• Required action: List all lines of the data that include the string "subst".

• Data for this exercise:
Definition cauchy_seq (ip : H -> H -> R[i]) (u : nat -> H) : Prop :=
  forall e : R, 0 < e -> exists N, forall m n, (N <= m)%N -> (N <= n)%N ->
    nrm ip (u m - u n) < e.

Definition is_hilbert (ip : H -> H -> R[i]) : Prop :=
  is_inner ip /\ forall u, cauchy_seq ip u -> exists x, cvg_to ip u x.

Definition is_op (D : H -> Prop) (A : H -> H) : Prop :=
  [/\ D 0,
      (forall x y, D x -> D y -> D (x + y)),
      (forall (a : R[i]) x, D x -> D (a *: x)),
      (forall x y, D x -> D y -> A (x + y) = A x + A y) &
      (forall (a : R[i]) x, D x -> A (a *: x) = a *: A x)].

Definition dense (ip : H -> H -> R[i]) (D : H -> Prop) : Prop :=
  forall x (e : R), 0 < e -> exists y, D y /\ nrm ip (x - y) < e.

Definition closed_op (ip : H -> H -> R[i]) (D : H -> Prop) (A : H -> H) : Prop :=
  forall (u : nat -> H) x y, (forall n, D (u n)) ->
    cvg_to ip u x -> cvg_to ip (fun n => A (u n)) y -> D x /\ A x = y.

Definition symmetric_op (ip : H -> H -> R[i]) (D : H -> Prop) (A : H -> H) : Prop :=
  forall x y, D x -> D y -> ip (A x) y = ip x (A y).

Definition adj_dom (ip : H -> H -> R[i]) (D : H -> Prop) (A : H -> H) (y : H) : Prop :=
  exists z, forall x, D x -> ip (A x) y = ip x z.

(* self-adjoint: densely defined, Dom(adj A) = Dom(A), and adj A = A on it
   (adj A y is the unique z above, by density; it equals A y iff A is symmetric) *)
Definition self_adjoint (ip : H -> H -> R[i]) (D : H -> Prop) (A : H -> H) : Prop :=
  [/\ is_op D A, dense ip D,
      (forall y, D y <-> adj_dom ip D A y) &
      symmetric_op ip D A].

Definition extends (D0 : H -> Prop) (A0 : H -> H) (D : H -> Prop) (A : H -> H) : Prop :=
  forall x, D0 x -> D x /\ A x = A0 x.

--

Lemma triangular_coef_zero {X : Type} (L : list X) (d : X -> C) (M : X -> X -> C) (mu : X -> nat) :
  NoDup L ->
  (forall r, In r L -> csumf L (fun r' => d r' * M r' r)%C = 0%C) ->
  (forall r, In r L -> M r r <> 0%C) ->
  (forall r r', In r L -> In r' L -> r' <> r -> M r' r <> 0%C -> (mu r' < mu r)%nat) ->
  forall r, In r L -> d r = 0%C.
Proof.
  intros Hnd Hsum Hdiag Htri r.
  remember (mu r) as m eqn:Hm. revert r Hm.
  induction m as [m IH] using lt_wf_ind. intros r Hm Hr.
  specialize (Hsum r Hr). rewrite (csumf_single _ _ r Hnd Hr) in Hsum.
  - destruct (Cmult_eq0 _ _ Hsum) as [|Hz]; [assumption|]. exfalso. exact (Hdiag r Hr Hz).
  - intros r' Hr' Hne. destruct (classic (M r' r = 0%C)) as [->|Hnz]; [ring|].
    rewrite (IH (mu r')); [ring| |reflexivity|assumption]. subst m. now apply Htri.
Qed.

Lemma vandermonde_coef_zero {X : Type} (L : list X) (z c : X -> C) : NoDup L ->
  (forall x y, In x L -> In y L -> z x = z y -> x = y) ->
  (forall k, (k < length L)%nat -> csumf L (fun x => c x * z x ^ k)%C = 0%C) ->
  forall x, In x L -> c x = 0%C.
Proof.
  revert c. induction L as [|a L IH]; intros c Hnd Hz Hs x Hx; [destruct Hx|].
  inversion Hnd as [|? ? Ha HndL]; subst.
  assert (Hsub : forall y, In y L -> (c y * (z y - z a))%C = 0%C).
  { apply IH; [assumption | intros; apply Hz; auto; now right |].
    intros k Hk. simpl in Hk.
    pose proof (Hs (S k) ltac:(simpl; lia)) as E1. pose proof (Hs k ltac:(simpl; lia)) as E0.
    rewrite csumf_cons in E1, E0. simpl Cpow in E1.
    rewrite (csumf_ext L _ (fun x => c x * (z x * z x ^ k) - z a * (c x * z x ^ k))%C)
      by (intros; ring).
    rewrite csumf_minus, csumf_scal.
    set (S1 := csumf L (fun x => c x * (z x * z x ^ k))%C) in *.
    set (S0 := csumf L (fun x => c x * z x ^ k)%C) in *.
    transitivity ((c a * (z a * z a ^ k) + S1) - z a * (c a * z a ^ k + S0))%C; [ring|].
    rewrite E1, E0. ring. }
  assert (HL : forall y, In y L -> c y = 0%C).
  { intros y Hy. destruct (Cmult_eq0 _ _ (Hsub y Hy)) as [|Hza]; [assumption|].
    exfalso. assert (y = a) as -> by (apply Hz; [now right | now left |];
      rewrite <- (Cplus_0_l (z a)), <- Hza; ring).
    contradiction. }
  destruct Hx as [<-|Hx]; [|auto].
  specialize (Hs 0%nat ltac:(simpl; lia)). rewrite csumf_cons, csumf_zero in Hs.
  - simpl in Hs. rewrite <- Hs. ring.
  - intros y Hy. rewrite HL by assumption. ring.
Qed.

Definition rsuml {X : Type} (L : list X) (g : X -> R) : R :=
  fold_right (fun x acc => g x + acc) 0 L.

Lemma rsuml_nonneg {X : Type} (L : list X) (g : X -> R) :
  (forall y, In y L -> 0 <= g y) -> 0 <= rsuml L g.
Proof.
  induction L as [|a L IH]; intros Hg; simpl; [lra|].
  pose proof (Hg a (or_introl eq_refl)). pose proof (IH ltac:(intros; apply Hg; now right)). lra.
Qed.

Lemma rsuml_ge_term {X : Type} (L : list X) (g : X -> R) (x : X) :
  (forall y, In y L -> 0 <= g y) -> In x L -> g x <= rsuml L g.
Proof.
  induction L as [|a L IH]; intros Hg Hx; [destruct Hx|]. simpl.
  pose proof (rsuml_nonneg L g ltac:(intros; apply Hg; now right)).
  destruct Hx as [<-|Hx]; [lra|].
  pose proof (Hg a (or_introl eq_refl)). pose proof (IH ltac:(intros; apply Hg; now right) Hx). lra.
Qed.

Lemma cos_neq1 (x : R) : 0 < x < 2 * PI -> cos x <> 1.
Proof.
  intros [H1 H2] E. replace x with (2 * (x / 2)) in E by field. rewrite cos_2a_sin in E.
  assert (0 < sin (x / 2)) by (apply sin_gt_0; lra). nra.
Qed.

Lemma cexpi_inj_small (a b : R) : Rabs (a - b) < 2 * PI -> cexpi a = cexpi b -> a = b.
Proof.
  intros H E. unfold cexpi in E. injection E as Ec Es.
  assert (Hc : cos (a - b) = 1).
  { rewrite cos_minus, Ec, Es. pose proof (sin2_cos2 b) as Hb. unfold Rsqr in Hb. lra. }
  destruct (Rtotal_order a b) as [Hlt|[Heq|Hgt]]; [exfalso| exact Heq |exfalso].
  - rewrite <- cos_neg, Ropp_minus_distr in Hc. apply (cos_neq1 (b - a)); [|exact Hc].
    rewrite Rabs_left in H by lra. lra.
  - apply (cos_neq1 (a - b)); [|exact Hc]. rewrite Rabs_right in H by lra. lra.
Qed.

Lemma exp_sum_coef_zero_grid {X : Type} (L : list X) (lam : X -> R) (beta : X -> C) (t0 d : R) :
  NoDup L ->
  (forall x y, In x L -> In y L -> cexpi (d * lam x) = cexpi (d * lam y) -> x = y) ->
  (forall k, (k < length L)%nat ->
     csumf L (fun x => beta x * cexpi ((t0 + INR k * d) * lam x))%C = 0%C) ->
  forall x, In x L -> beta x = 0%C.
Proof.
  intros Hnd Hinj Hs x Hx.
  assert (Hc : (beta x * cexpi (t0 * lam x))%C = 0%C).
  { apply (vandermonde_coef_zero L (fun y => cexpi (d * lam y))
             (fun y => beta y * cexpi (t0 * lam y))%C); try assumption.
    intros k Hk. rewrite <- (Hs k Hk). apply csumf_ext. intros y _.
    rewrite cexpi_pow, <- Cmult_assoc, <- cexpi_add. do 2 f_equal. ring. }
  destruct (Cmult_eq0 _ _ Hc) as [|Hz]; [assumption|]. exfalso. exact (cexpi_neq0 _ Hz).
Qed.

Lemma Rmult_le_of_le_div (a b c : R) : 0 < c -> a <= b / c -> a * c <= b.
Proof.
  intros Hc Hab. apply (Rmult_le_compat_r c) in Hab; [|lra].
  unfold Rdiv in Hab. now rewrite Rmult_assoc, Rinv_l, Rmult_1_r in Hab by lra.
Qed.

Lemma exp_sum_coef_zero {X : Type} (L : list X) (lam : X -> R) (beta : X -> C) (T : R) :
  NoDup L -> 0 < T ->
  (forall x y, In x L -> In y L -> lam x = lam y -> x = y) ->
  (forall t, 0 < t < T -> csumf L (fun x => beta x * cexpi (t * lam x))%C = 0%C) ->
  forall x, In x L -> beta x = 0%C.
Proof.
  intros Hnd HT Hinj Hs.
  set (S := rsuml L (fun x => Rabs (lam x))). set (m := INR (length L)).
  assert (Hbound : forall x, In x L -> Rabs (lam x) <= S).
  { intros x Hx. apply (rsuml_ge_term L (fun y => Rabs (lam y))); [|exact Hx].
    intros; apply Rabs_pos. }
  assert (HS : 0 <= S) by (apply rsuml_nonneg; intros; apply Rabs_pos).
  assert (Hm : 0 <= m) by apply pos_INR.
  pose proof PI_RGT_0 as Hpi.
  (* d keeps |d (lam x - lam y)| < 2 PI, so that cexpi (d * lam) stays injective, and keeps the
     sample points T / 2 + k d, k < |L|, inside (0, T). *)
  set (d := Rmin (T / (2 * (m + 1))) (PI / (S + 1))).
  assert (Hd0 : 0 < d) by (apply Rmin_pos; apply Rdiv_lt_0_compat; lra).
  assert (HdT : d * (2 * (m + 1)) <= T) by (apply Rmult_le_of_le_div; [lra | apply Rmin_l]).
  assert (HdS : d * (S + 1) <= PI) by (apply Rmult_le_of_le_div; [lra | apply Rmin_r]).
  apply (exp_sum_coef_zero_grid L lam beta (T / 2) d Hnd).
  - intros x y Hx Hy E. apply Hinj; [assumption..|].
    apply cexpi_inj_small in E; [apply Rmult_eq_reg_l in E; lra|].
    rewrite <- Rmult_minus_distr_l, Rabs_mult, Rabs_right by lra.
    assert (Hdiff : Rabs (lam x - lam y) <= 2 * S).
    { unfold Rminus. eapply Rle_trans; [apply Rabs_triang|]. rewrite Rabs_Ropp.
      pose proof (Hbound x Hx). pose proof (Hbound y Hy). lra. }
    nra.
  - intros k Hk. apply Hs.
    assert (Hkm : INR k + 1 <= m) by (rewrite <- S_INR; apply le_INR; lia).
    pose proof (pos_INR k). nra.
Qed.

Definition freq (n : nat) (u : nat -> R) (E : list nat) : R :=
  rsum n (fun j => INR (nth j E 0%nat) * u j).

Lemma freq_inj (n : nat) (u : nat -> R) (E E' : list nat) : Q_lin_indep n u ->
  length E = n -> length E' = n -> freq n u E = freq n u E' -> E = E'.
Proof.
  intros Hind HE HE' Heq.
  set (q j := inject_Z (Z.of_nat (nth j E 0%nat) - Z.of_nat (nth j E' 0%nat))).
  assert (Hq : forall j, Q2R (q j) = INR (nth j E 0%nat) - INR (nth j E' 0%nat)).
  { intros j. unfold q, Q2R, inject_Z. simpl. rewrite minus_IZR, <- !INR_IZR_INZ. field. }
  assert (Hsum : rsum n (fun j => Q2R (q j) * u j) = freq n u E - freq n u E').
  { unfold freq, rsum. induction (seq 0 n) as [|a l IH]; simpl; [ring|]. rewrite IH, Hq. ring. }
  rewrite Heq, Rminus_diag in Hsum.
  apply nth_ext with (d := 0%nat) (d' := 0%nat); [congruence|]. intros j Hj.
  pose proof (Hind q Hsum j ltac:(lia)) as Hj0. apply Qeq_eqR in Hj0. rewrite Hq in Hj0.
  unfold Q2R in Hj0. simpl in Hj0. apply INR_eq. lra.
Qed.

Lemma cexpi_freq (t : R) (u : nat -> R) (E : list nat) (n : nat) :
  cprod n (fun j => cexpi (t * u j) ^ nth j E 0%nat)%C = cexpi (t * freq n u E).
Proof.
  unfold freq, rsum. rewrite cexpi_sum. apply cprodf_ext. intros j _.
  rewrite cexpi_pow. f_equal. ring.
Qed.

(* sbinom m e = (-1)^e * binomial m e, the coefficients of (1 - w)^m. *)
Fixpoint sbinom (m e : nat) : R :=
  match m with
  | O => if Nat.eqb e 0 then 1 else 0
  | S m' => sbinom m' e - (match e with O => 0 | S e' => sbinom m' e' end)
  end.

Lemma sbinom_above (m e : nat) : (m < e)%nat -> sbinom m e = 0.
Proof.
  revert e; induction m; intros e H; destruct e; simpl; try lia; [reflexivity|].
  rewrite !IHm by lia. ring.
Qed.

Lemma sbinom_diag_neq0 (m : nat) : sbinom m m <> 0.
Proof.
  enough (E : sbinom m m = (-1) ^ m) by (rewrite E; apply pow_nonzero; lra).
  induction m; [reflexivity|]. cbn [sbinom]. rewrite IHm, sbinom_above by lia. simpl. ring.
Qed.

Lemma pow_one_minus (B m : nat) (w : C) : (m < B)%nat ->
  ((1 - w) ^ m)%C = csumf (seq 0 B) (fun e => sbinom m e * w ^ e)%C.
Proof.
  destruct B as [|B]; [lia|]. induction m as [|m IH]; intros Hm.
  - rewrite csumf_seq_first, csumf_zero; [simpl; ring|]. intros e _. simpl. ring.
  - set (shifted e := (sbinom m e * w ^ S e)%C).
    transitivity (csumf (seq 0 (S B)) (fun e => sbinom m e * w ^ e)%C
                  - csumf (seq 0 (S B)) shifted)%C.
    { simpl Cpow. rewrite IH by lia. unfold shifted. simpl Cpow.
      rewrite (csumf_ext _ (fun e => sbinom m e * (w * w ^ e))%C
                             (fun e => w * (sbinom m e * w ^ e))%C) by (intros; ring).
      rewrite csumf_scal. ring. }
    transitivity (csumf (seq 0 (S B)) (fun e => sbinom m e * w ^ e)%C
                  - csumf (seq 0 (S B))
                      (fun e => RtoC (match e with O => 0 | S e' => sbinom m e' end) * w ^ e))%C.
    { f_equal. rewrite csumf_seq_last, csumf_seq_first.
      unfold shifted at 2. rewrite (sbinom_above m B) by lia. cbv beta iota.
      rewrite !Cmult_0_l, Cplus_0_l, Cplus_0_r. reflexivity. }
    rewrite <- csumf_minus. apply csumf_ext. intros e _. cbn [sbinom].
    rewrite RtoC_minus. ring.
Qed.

--

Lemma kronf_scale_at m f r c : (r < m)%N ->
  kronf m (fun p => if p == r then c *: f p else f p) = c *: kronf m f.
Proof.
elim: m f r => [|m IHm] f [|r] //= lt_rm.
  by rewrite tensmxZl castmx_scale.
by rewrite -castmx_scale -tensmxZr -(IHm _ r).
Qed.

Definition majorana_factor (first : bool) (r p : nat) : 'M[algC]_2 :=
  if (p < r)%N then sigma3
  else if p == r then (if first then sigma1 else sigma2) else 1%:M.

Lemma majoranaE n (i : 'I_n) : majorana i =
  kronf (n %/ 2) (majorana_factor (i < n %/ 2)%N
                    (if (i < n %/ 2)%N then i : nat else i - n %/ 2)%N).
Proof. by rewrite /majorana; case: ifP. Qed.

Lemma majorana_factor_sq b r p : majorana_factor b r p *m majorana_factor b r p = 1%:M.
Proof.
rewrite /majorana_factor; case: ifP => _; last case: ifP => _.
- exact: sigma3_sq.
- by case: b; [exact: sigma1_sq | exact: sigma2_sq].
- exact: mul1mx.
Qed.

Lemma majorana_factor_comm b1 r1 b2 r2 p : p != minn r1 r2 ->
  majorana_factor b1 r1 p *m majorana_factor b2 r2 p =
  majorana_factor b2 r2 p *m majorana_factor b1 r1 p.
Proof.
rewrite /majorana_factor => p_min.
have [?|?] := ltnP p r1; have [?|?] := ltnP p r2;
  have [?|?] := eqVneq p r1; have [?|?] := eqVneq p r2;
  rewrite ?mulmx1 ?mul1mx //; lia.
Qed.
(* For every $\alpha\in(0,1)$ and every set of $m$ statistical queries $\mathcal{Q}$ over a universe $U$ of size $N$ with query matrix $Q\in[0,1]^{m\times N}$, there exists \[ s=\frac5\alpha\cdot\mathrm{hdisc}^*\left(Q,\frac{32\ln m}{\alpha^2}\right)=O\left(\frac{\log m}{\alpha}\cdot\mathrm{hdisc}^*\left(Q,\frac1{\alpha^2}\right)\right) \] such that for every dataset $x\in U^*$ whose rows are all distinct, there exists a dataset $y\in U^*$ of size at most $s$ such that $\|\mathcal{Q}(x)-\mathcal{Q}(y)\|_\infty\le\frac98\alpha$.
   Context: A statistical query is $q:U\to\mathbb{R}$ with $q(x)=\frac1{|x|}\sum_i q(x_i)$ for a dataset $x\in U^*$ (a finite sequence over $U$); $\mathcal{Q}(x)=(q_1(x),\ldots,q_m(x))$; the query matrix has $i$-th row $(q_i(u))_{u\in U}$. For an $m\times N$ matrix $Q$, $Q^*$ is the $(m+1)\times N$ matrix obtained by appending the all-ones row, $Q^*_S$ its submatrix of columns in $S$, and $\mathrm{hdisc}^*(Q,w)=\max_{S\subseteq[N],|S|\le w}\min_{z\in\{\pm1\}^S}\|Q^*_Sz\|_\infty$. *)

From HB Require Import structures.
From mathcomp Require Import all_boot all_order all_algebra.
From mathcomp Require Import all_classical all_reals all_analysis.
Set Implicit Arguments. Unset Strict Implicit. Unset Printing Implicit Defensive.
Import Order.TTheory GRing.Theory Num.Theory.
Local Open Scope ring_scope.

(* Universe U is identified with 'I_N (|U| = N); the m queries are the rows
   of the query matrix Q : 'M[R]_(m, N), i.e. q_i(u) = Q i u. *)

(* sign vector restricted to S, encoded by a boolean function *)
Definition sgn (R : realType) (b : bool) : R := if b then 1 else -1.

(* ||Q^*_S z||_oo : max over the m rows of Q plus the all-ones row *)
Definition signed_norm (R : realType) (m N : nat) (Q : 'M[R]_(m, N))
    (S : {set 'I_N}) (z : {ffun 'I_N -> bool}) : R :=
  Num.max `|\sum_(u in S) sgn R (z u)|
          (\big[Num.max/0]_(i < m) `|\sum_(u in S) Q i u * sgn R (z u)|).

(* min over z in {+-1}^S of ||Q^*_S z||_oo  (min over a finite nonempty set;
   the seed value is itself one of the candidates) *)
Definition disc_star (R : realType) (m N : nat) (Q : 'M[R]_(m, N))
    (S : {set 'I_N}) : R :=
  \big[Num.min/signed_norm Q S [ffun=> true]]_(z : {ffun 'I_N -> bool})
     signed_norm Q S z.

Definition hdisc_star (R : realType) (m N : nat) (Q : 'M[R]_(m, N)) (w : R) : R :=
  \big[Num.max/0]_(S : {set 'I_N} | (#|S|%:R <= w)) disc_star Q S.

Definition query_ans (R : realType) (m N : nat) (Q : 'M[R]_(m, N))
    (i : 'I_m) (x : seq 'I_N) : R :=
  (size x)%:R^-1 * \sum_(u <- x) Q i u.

• Output of the exercise:
    rewrite (IH (mu r')); [ring| |reflexivity|assumption]. subst m. now apply Htri.
  inversion Hnd as [|? ? Ha HndL]; subst.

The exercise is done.